The records below must be copied in full, exactly as they read.

_Study material:_
------------------------------------------------

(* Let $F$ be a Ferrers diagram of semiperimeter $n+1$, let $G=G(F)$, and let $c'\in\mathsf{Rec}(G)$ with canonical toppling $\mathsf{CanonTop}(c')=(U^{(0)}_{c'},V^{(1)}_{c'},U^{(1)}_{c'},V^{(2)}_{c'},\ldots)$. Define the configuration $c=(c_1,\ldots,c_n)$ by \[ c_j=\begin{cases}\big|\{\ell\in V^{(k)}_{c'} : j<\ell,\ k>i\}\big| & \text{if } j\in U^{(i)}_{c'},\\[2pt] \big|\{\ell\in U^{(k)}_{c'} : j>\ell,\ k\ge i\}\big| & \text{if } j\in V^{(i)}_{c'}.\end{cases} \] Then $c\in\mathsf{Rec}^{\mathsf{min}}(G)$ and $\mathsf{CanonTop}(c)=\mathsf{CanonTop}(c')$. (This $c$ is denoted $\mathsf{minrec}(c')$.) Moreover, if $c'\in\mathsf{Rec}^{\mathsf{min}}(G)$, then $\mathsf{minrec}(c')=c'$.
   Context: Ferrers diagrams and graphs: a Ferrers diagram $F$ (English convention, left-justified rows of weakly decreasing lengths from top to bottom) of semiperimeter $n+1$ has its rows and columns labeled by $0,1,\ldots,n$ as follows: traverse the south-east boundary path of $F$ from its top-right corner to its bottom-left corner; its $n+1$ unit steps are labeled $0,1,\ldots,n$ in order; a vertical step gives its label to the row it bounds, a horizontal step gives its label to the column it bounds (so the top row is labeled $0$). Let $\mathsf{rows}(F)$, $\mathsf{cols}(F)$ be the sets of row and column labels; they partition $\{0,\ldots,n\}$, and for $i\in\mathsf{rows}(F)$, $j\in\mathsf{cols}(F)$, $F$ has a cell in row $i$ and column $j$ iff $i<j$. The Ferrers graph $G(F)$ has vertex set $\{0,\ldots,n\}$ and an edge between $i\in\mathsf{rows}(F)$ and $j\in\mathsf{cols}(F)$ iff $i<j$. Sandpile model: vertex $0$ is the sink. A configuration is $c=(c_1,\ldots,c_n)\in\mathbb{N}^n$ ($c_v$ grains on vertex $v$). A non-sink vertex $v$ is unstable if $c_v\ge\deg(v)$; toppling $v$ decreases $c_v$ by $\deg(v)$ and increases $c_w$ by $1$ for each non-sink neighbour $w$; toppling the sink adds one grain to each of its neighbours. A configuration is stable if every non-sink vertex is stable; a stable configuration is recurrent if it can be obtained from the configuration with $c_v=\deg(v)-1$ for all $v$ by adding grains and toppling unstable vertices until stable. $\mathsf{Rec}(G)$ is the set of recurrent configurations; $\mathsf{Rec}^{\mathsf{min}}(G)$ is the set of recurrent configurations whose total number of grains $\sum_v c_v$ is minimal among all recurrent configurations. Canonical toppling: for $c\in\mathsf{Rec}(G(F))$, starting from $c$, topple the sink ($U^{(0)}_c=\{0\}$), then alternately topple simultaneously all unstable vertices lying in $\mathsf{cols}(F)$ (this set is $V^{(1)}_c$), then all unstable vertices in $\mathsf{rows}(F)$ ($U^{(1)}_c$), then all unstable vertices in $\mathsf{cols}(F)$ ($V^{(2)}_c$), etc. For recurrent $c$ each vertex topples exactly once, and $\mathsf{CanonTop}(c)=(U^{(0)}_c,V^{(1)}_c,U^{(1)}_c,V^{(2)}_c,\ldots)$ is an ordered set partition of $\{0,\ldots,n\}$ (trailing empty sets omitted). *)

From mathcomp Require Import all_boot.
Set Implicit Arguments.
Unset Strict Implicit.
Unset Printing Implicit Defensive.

------------------------------------------------

_Task response:_
(* Let $F$ be a Ferrers diagram of semiperimeter $n+1$, let $G=G(F)$, and let $c'\in\mathsf{Rec}(G)$ with canonical toppling $\mathsf{CanonTop}(c')=(U^{(0)}_{c'},V^{(1)}_{c'},U^{(1)}_{c'},V^{(2)}_{c'},\ldots)$. Define the configuration $c=(c_1,\ldots,c_n)$ by \[ c_j=\begin{cases}\big|\{\ell\in V^{(k)}_{c'} : j<\ell,\ k>i\}\big| & \text{if } j\in U^{(i)}_{c'},\\[2pt] \big|\{\ell\in U^{(k)}_{c'} : j>\ell,\ k\ge i\}\big| & \text{if } j\in V^{(i)}_{c'}.\end{cases} \] Then $c\in\mathsf{Rec}^{\mathsf{min}}(G)$ and $\mathsf{CanonTop}(c)=\mathsf{CanonTop}(c')$. (This $c$ is denoted $\mathsf{minrec}(c')$.) Moreover, if $c'\in\mathsf{Rec}^{\mathsf{min}}(G)$, then $\mathsf{minrec}(c')=c'$.
   Context: Ferrers diagrams and graphs: a Ferrers diagram $F$ (English convention, left-justified rows of weakly decreasing lengths from top to bottom) of semiperimeter $n+1$ has its rows and columns labeled by $0,1,\ldots,n$ as follows: traverse the south-east boundary path of $F$ from its top-right corner to its bottom-left corner; its $n+1$ unit steps are labeled $0,1,\ldots,n$ in order; a vertical step gives its label to the row it bounds, a horizontal step gives its label to the column it bounds (so the top row is labeled $0$). Let $\mathsf{rows}(F)$, $\mathsf{cols}(F)$ be the sets of row and column labels; they partition $\{0,\ldots,n\}$, and for $i\in\mathsf{rows}(F)$, $j\in\mathsf{cols}(F)$, $F$ has a cell in row $i$ and column $j$ iff $i<j$. The Ferrers graph $G(F)$ has vertex set $\{0,\ldots,n\}$ and an edge between $i\in\mathsf{rows}(F)$ and $j\in\mathsf{cols}(F)$ iff $i<j$. Sandpile model: vertex $0$ is the sink. A configuration is $c=(c_1,\ldots,c_n)\in\mathbb{N}^n$ ($c_v$ grains on vertex $v$). A non-sink vertex $v$ is unstable if $c_v\ge\deg(v)$; toppling $v$ decreases $c_v$ by $\deg(v)$ and increases $c_w$ by $1$ for each non-sink neighbour $w$; toppling the sink adds one grain to each of its neighbours. A configuration is stable if every non-sink vertex is stable; a stable configuration is recurrent if it can be obtained from the configuration with $c_v=\deg(v)-1$ for all $v$ by adding grains and toppling unstable vertices until stable. $\mathsf{Rec}(G)$ is the set of recurrent configurations; $\mathsf{Rec}^{\mathsf{min}}(G)$ is the set of recurrent configurations whose total number of grains $\sum_v c_v$ is minimal among all recurrent configurations. Canonical toppling: for $c\in\mathsf{Rec}(G(F))$, starting from $c$, topple the sink ($U^{(0)}_c=\{0\}$), then alternately topple simultaneously all unstable vertices lying in $\mathsf{cols}(F)$ (this set is $V^{(1)}_c$), then all unstable vertices in $\mathsf{rows}(F)$ ($U^{(1)}_c$), then all unstable vertices in $\mathsf{cols}(F)$ ($V^{(2)}_c$), etc. For recurrent $c$ each vertex topples exactly once, and $\mathsf{CanonTop}(c)=(U^{(0)}_c,V^{(1)}_c,U^{(1)}_c,V^{(2)}_c,\ldots)$ is an ordered set partition of $\{0,\ldots,n\}$ (trailing empty sets omitted). *)

From mathcomp Require Import all_boot.
Set Implicit Arguments.
Unset Strict Implicit.
Unset Printing Implicit Defensive.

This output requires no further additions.